Records from a data collection:
★ ★ ★ ★ ★ ★ ★

(* any limit of the iterates is a minimizer: it lies in X (closed), and by upper
   semicontinuity of h and the model bound at the limit, f(limit) <= lim f(x_k) = f* *)
Lemma limit_minimizes xinf :
  (forall eta, 0 < eta -> exists N, forall k, (N <= k)%nat -> enorm (vsub (x k) xinf) < eta) ->
  Xstar xinf.
Proof.
move=> conv.
have Xinf : X xinf.
  apply: X_closed => e e0; have [N HN] := conv e e0.
  by exists (x N); split; [exact: iterate_in_X | exact: HN].
have Binf : eball xbar eps xinf.
  apply: eball_limit => e e0; have [N HN] := conv e e0.
  by exists (x N); split; [exact: iterates_in_ball | exact: HN].
split=> // y Xy; apply: Rle_trans (fstar_le Xy); apply: Rle_plus_epsilon => eta eta0.
have eta3 : 0 < eta / 3 by lra.
have [C [C0 HC]] := mapply_bounded (J xinf).
have [delta [delta0 usc]] := convex_usc (F xinf) h_convex eta3.
pose tau := Rmin (delta / (C + 1)) (Rmin 1 (eta / (3 * (rho + 1)))).
have tau0 : 0 < tau.
  by apply: Rmin_glb_lt; [|apply: Rmin_glb_lt]; try apply: Rdiv_lt_0_compat; lra.
have [N1 close] := conv tau tau0; have [N2 small_gap] := gap_vanishes eta3.
set K := maxn N1 N2; set v := vsub (x K) xinf.
have vt : enorm v < tau by exact: close (leq_maxl _ _).
have v0 := enorm_ge0 v.
have [t1 t2] : enorm v < delta / (C + 1) /\ enorm v < Rmin 1 (eta / (3 * (rho + 1))).
  by split; apply: Rlt_le_trans vt _; [exact: Rmin_l | exact: Rmin_r].
have w_small : forall i, Rabs (mapply (J xinf) v i) <= delta.
  move=> i; apply: Rle_trans (HC v i) _.
  have -> : delta = delta / (C + 1) * (C + 1) by field; lra.
  nra.
have model := proj1 (Rabs_le_inv (approx Xinf Binf (iterate_in_X K))).
rewrite /emodel -/v in model.
have err_small : rho / 2 * enorm v ^ 2 <= eta / 3.
  have v1 : enorm v <= 1 by have := Rmin_l 1 (eta / (3 * (rho + 1))); lra.
  have v_eta : enorm v * (3 * (rho + 1)) <= eta.
    have -> : eta = eta / (3 * (rho + 1)) * (3 * (rho + 1)) by field; lra.
    have := Rmin_r 1 (eta / (3 * (rho + 1))); nra.
  nra.
have := usc _ w_small; have := small_gap K (leq_maxr _ _); lra.
Qed.

Lemma rate_bound k : 4 * distX k <= 2 * sqrt 2 * mu / beta * rate k.
Proof.
have rk := rate_pos k.
have mb : 0 < mu / beta by apply: Rdiv_lt_0_compat.
have D_rate : distX k <= mu / beta * rate k ^ 2.
  have -> : distX k = mu / beta * (kappa * distX k) by field; lra.
  by apply: Rmult_le_compat_l; [lra | exact: contraction].
(* 2 rate_k <= sqrt 2, since sqrt 2 rate_k <= 1 *)
have two : 2 * rate k <= sqrt 2.
  have := Rmult_le_compat_l _ _ _ (sqrt_pos 2) (rate_le k).
  by rewrite -Rmult_assoc sqrt_sqrt; lra.
have := Rmult_le_compat_l _ _ _ (Rlt_le _ _ (Rmult_lt_0_compat _ _ mb rk)) two.
have -> : 2 * sqrt 2 * mu / beta * rate k = 2 * (mu / beta * rate k * sqrt 2) by field; lra.
lra.
Qed.

Lemma iterates_converge : exists xinf,
  (forall eta, 0 < eta -> exists N, forall k, (N <= k)%nat -> enorm (vsub (x k) xinf) < eta) /\
  (forall k, enorm (vsub (x k) xinf) <= 4 * distX k).
Proof.
apply: (@cauchy_limit n x (fun k => 4 * distX k)); first exact: displacement.
move=> eta eta0; have [N small] := @dist_vanishes (eta / 4) (ltac:(lra)).
by exists N => k Nk; have := small k Nk; lra.
Qed.

Lemma prox_linear_convergence :
  (forall k, eball xbar eps (x k)) /\
  (forall k, distX k.+1 <= kappa * distX k ^ 2) /\
  (forall k, gap k.+1 <= beta / mu ^ 2 * gap k ^ 2) /\
  (exists xinf, Xstar xinf /\
     (forall e, 0 < e -> exists N, forall k, (N <= k)%nat -> enorm (vsub (x k) xinf) < e) /\
     (forall k, enorm (vsub (x k) xinf) <= 2 * sqrt 2 * mu / beta * rate k)).
Proof.
have [xinf [conv near]] := iterates_converge.
split; first exact: iterates_in_ball.
split; first exact: dist_quadratic.
split; first exact: gap_quadratic.
exists xinf; split; first exact: limit_minimizes.
by split=> // k; apply: Rle_trans (near k) _; exact: rate_bound.
Qed.

End ProxLinearIterates.

Unset Implicit Arguments.

Theorem theorem5p7 (n m : nat) (X : vec n -> Prop) (h : vec m -> R)
  (F : vec n -> vec m) (J : vec n -> mat m n)
  (xbar : vec n) (eps mu rho beta : R) (x0 : vec n) (x : nat -> vec n) :
  enonempty X -> eclosed_set X -> econvex_set X ->
  econvex_fun h ->
  has_jacobian F J ->
  eargmin (fun y => h (F y)) X xbar ->
  0 < eps -> 0 < mu -> 0 < rho ->
  (forall z y, X z -> eball xbar eps z -> X y ->
     Rabs (h (F y) - emodel h F J z y) <= rho / 2 * (enorm (vsub y z)) ^ 2) ->
  (forall z, X z -> eball xbar eps z ->
     h (F z) - h (F xbar) >= mu * edist (eargmin (fun y => h (F y)) X) z) ->
  rho <= beta ->
  X x0 -> eball xbar (eps / 2) x0 ->
  h (F x0) - h (F xbar) <= Rmin (beta * eps ^ 2 / 25) (mu ^ 2 / (2 * beta)) ->
  x 0%nat = x0 ->
  (forall k, eargmin (fun y => emodel h F J (x k) y + beta / 2 * (enorm (vsub y (x k))) ^ 2)
               X (x (S k))) ->
  (forall k, eball xbar eps (x k)) /\
  (forall k, edist (eargmin (fun y => h (F y)) X) (x (S k)) <=
             beta / mu * (edist (eargmin (fun y => h (F y)) X) (x k)) ^ 2) /\
  (forall k, h (F (x (S k))) - h (F xbar) <=
             beta / mu ^ 2 * (h (F (x k)) - h (F xbar)) ^ 2) /\
  (exists xinf, eargmin (fun y => h (F y)) X xinf /\
     (forall e, 0 < e -> exists N, forall k, (N <= k)%nat -> enorm (vsub (x k) xinf) < e) /\
     (forall k, enorm (vsub (x k) xinf) <=
        2 * sqrt 2 * mu / beta * Rpower (/ 2) (Rpower 2 (INR k - 1)))).
Proof.
move=> _ X_closed X_convex h_convex _ xbar_min _ mu_pos rho_pos approx sharp rho_le_beta
  x0_in_X x0_near x0_gap x0_eq prox_step; subst x0.
exact: prox_linear_convergence X_closed X_convex h_convex xbar_min mu_pos rho_pos
  rho_le_beta approx sharp x0_in_X x0_near x0_gap prox_step.
Qed.
(* a) For all $k' \in \mathbf{N}$ and all $k \in \mathbf{N}_-$, $$\hat{\sigma}^{k'}(\hat{\Phi}^\alpha(\mu, \cdot))(k) = \hat{\Phi}^{\hat{\sigma}^{k'}(\alpha)}(\hat{\Phi}^\alpha(\mu, k'-1), k).$$ b) For all $t' \in \mathbf{R}$ and all $t \in \mathbf{R}$, $$\sigma^{t'}(\Phi^\rho(\mu, \cdot))(t) = \Phi^{\sigma^{t'}(\rho)}(\Phi^\rho(\mu, t'-0), t).$$
   Context: Let $\mathbf{B}=\{0,1\}$ with the discrete topology, $\mathbf{N}_-=\{-1,0,1,\dots\}$, and let a function $\Phi:\mathbf{B}^n\to\mathbf{B}^n$ and an initial state $\mu\in\mathbf{B}^n$ be given. For $\lambda\in\mathbf{B}^n$, $\Phi^\lambda:\mathbf{B}^n\to\mathbf{B}^n$ is defined by $\Phi^\lambda_i(\mu)=\Phi_i(\mu)$ if $\lambda_i=1$ and $\Phi^\lambda_i(\mu)=\mu_i$ if $\lambda_i=0$; for $\alpha^0,\dots,\alpha^{k+1}\in\mathbf{B}^n$ one sets iteratively $\Phi^{\alpha^0\dots\alpha^{k}\alpha^{k+1}}(\mu)=\Phi^{\alpha^{k+1}}(\Phi^{\alpha^0\dots\alpha^k}(\mu))$. Discrete time: a computation function is a sequence $\alpha:\mathbf{N}\to\mathbf{B}^n$ (write $\alpha^k=\alpha(k)$); it is progressive if for every $i\in\{1,\dots,n\}$ the set $\{k\in\mathbf{N}\mid \alpha_i^k=1\}$ is infinite. Let $\alpha$ be progressive. The discrete time flow is $\hat{\Phi}^\alpha(\mu,-1)=\mu$ and $\hat{\Phi}^\alpha(\mu,k)=\Phi^{\alpha^0\dots\alpha^k}(\mu)$ for $k\ge 0$. For $k'\in\mathbf{N}$ the forgetful functions are $\hat{\sigma}^{k'}(\hat{x})(k)=\hat{x}(k+k')$ for signals $\hat{x}:\mathbf{N}_-\to\mathbf{B}^n$, and $(\hat{\sigma}^{k'}(\alpha))^k=\alpha^{k+k'}$ for computation functions. Real time: $(t_k)_{k\in\mathbf{N}}$ is a strictly increasing real sequence unbounded from above, and $\rho:\mathbf{R}\to\mathbf{B}^n$ is $\rho(t)=\alpha^0\chi_{\{t_0\}}(t)\oplus\alpha^1\chi_{\{t_1\}}(t)\oplus\dots\oplus\alpha^k\chi_{\{t_k\}}(t)\oplus\dots$, where $\chi_A$ is the characteristic function of $A\subset\mathbf{R}$ and $\alpha$ is the progressive sequence above (so for each $i$ the set $\{t\mid\rho_i(t)=1\}$ is unbounded from above). The real time flow is $\Phi^\rho(\mu,t)=\hat{\Phi}^\alpha(\mu,-1)\chi_{(-\infty,t_0)}(t)\oplus\hat{\Phi}^\alpha(\mu,0)\chi_{[t_0,t_1)}(t)\oplus\dots\oplus\hat{\Phi}^\alpha(\mu,k)\chi_{[t_k,t_{k+1})}(t)\oplus\dots$ (and similarly for any other function of this form in place of $\rho$). For a piecewise constant signal $x:\mathbf{R}\to\mathbf{B}^n$ of this kind, $x(t-0)$ denotes its left limit at $t$ (the value taken by $x$ on some interval $(t-\varepsilon,t)$). For $t'\in\mathbf{R}$ the forgetful functions are $\sigma^{t'}(x)(t)=x(t)$ if $t\ge t'$ and $\sigma^{t'}(x)(t)=x(t'-0)$ if $t<t'$, and $\sigma^{t'}(\rho)(t)=\rho(t)\cdot\chi_{[t',\infty)}(t)$. *)

From Stdlib Require Import Reals ZArith ClassicalEpsilon ClassicalDescription.
From mathcomp Require Import ssreflect ssrbool ssrfun eqtype ssrnat fintype finfun.

Set Implicit Arguments.
Unset Strict Implicit.
Unset Printing Implicit Defensive.

Definition Bn (n : nat) := {ffun 'I_n -> bool}.

Definition decb (P : Prop) : bool :=
  if excluded_middle_informative P then true else false.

★ ★ ★ ★ ★ ★ ★

## ABOUT THIS TASK:
The word "emodel" appears in some lines of the data. Copy every one of those lines.

## REPLY TO THE EXERCISE:
rewrite /emodel -/v in model.
     Rabs (h (F y) - emodel h F J z y) <= rho / 2 * (enorm (vsub y z)) ^ 2) ->
  (forall k, eargmin (fun y => emodel h F J (x k) y + beta / 2 * (enorm (vsub y (x k))) ^ 2)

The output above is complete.